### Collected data
___
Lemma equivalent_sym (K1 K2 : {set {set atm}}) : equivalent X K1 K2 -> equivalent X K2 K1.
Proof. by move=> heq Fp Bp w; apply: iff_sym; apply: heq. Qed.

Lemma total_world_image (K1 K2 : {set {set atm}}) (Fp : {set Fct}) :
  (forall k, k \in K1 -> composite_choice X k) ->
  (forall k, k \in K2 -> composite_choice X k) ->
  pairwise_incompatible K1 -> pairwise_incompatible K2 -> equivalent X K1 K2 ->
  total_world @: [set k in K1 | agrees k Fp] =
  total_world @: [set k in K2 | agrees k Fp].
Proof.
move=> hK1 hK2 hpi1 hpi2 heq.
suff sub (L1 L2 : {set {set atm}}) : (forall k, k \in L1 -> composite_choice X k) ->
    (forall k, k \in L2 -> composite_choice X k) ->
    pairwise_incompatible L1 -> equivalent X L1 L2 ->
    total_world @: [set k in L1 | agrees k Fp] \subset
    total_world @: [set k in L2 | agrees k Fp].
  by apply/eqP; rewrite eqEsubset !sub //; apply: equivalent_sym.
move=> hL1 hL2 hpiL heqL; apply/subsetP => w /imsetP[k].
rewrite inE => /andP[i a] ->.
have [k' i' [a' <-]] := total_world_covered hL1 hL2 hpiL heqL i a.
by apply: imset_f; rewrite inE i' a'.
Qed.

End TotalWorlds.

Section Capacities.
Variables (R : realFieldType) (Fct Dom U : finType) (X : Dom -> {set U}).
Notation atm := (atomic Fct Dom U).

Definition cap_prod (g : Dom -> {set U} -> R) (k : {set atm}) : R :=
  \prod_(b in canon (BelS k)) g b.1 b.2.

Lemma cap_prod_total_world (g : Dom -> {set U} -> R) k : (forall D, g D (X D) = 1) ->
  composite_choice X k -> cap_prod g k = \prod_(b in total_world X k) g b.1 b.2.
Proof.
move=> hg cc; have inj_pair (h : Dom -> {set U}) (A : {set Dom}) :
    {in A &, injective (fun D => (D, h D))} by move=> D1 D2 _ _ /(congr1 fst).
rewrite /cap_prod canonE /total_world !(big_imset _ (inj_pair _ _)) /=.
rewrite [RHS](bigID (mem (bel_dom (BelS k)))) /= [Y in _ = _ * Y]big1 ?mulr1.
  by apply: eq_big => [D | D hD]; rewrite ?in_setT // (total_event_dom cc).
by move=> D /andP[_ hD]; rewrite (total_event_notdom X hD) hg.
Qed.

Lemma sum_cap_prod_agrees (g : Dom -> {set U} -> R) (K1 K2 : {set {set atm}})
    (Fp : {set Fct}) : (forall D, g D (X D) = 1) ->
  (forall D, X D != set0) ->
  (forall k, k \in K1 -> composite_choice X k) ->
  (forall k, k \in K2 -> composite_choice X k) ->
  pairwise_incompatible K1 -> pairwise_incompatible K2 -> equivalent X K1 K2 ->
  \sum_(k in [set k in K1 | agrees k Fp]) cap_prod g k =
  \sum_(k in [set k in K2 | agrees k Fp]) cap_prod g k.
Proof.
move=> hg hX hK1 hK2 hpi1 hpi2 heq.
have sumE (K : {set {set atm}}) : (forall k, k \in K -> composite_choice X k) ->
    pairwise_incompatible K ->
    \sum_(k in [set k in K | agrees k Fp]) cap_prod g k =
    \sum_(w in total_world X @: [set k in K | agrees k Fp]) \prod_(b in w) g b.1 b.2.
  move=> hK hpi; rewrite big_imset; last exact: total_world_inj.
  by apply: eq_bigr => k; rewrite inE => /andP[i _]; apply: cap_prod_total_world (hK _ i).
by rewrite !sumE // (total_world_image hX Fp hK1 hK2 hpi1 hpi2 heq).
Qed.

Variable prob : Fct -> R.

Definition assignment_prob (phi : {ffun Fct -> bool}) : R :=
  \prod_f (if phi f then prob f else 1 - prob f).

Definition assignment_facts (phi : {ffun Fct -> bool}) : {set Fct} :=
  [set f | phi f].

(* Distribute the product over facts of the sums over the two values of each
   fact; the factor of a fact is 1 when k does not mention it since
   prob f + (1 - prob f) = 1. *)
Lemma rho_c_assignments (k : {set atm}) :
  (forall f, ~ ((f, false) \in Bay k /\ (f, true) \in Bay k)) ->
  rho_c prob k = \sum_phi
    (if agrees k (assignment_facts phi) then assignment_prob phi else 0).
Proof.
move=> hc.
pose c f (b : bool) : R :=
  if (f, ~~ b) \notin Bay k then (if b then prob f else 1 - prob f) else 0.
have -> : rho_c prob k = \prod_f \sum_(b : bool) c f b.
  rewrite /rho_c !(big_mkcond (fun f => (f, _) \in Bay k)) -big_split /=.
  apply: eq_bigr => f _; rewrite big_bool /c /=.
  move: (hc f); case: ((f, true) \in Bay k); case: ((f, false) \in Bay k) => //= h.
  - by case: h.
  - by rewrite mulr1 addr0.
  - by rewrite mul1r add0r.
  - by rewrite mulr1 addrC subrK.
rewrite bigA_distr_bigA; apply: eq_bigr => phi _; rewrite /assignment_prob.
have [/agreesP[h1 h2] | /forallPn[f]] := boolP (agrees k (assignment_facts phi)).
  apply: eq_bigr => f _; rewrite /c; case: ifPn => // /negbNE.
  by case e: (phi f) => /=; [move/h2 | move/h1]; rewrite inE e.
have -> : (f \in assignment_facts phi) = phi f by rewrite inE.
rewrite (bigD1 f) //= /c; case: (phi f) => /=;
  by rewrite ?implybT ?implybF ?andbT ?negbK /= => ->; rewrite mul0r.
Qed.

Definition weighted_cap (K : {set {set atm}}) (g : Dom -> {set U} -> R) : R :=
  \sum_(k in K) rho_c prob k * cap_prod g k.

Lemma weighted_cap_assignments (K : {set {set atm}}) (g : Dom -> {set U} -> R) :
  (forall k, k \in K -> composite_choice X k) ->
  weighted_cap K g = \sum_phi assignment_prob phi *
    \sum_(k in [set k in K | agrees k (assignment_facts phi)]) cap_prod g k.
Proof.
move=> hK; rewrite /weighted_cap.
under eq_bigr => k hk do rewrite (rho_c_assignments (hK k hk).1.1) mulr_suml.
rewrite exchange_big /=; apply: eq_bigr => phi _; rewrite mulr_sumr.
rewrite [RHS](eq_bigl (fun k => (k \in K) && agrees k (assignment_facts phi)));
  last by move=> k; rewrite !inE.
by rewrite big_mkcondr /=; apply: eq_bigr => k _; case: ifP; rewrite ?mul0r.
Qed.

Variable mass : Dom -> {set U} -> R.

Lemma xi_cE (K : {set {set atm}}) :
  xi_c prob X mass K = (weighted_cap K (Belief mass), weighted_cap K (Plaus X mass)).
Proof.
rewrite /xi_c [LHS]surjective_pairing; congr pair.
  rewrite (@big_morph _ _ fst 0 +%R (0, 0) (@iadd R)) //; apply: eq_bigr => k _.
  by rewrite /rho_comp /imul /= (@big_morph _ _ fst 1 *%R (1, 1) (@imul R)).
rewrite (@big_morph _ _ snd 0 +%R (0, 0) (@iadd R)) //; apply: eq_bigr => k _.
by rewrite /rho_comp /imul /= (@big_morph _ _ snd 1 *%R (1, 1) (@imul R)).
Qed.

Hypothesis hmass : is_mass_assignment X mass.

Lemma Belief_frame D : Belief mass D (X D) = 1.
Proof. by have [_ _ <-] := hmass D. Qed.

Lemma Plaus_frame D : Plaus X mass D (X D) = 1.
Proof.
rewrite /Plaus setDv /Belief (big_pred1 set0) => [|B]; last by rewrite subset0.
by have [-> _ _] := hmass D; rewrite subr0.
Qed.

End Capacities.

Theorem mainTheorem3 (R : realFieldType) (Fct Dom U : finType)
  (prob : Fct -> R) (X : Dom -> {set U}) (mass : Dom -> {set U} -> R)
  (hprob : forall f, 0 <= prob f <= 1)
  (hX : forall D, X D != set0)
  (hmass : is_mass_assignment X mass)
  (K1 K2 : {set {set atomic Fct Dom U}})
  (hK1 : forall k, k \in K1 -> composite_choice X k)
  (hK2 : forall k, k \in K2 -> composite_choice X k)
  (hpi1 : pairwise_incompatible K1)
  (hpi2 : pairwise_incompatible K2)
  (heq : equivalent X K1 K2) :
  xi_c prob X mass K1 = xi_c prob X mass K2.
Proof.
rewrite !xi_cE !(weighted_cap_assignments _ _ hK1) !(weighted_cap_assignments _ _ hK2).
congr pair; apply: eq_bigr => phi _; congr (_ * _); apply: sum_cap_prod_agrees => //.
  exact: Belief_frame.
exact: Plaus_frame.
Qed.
___
### REQUIREMENT
Look through the entries above and quote exactly the lines from the line with "total_world @: [set k in K1" to the line with "Lemma sum_cap_prod_agrees (g", counting both of those lines.

### RESPONSE TO THIS EXERCISE
  total_world @: [set k in K1 | agrees k Fp] =
  total_world @: [set k in K2 | agrees k Fp].
Proof.
move=> hK1 hK2 hpi1 hpi2 heq.
suff sub (L1 L2 : {set {set atm}}) : (forall k, k \in L1 -> composite_choice X k) ->
    (forall k, k \in L2 -> composite_choice X k) ->
    pairwise_incompatible L1 -> equivalent X L1 L2 ->
    total_world @: [set k in L1 | agrees k Fp] \subset
    total_world @: [set k in L2 | agrees k Fp].
  by apply/eqP; rewrite eqEsubset !sub //; apply: equivalent_sym.
move=> hL1 hL2 hpiL heqL; apply/subsetP => w /imsetP[k].
rewrite inE => /andP[i a] ->.
have [k' i' [a' <-]] := total_world_covered hL1 hL2 hpiL heqL i a.
by apply: imset_f; rewrite inE i' a'.
Qed.

End TotalWorlds.

Section Capacities.
Variables (R : realFieldType) (Fct Dom U : finType) (X : Dom -> {set U}).
Notation atm := (atomic Fct Dom U).

Definition cap_prod (g : Dom -> {set U} -> R) (k : {set atm}) : R :=
  \prod_(b in canon (BelS k)) g b.1 b.2.

Lemma cap_prod_total_world (g : Dom -> {set U} -> R) k : (forall D, g D (X D) = 1) ->
  composite_choice X k -> cap_prod g k = \prod_(b in total_world X k) g b.1 b.2.
Proof.
move=> hg cc; have inj_pair (h : Dom -> {set U}) (A : {set Dom}) :
    {in A &, injective (fun D => (D, h D))} by move=> D1 D2 _ _ /(congr1 fst).
rewrite /cap_prod canonE /total_world !(big_imset _ (inj_pair _ _)) /=.
rewrite [RHS](bigID (mem (bel_dom (BelS k)))) /= [Y in _ = _ * Y]big1 ?mulr1.
  by apply: eq_big => [D | D hD]; rewrite ?in_setT // (total_event_dom cc).
by move=> D /andP[_ hD]; rewrite (total_event_notdom X hD) hg.
Qed.

Lemma sum_cap_prod_agrees (g : Dom -> {set U} -> R) (K1 K2 : {set {set atm}})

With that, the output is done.